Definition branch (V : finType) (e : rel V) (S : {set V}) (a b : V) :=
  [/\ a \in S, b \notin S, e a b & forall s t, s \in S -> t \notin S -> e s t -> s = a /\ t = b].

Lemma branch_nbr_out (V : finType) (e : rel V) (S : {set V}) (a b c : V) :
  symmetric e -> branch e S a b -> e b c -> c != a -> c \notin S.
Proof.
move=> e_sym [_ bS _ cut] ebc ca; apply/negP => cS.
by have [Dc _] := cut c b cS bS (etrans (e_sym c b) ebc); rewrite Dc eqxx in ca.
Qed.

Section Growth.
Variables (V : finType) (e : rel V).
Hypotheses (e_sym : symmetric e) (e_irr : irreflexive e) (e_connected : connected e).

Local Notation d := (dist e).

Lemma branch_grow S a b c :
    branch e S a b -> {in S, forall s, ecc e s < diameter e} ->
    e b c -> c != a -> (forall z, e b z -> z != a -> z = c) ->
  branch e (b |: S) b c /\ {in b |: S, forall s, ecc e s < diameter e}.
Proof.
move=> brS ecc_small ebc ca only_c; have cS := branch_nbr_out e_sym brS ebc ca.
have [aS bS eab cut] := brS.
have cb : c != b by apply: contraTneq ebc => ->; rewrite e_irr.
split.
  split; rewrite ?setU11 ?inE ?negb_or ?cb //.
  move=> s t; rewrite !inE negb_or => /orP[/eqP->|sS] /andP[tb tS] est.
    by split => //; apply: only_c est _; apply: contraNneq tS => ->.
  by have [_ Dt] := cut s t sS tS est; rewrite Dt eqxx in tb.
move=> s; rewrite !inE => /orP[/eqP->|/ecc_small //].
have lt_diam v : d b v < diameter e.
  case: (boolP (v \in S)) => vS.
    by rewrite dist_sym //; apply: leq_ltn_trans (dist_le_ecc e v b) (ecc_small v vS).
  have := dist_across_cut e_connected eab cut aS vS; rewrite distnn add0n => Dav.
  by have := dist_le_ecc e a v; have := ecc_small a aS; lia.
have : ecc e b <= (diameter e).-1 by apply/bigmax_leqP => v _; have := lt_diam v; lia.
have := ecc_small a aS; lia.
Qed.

[Exercise requirements]
Set down the material above in full, keeping each line exactly as it is.

[Task solution]
Definition branch (V : finType) (e : rel V) (S : {set V}) (a b : V) :=
  [/\ a \in S, b \notin S, e a b & forall s t, s \in S -> t \notin S -> e s t -> s = a /\ t = b].

Lemma branch_nbr_out (V : finType) (e : rel V) (S : {set V}) (a b c : V) :
  symmetric e -> branch e S a b -> e b c -> c != a -> c \notin S.
Proof.
move=> e_sym [_ bS _ cut] ebc ca; apply/negP => cS.
by have [Dc _] := cut c b cS bS (etrans (e_sym c b) ebc); rewrite Dc eqxx in ca.
Qed.

Section Growth.
Variables (V : finType) (e : rel V).
Hypotheses (e_sym : symmetric e) (e_irr : irreflexive e) (e_connected : connected e).

Local Notation d := (dist e).

Lemma branch_grow S a b c :
    branch e S a b -> {in S, forall s, ecc e s < diameter e} ->
    e b c -> c != a -> (forall z, e b z -> z != a -> z = c) ->
  branch e (b |: S) b c /\ {in b |: S, forall s, ecc e s < diameter e}.
Proof.
move=> brS ecc_small ebc ca only_c; have cS := branch_nbr_out e_sym brS ebc ca.
have [aS bS eab cut] := brS.
have cb : c != b by apply: contraTneq ebc => ->; rewrite e_irr.
split.
  split; rewrite ?setU11 ?inE ?negb_or ?cb //.
  move=> s t; rewrite !inE negb_or => /orP[/eqP->|sS] /andP[tb tS] est.
    by split => //; apply: only_c est _; apply: contraNneq tS => ->.
  by have [_ Dt] := cut s t sS tS est; rewrite Dt eqxx in tb.
move=> s; rewrite !inE => /orP[/eqP->|/ecc_small //].
have lt_diam v : d b v < diameter e.
  case: (boolP (v \in S)) => vS.
    by rewrite dist_sym //; apply: leq_ltn_trans (dist_le_ecc e v b) (ecc_small v vS).
  have := dist_across_cut e_connected eab cut aS vS; rewrite distnn add0n => Dav.
  by have := dist_le_ecc e a v; have := ecc_small a aS; lia.
have : ecc e b <= (diameter e).-1 by apply/bigmax_leqP => v _; have := lt_diam v; lia.
have := ecc_small a aS; lia.
Qed.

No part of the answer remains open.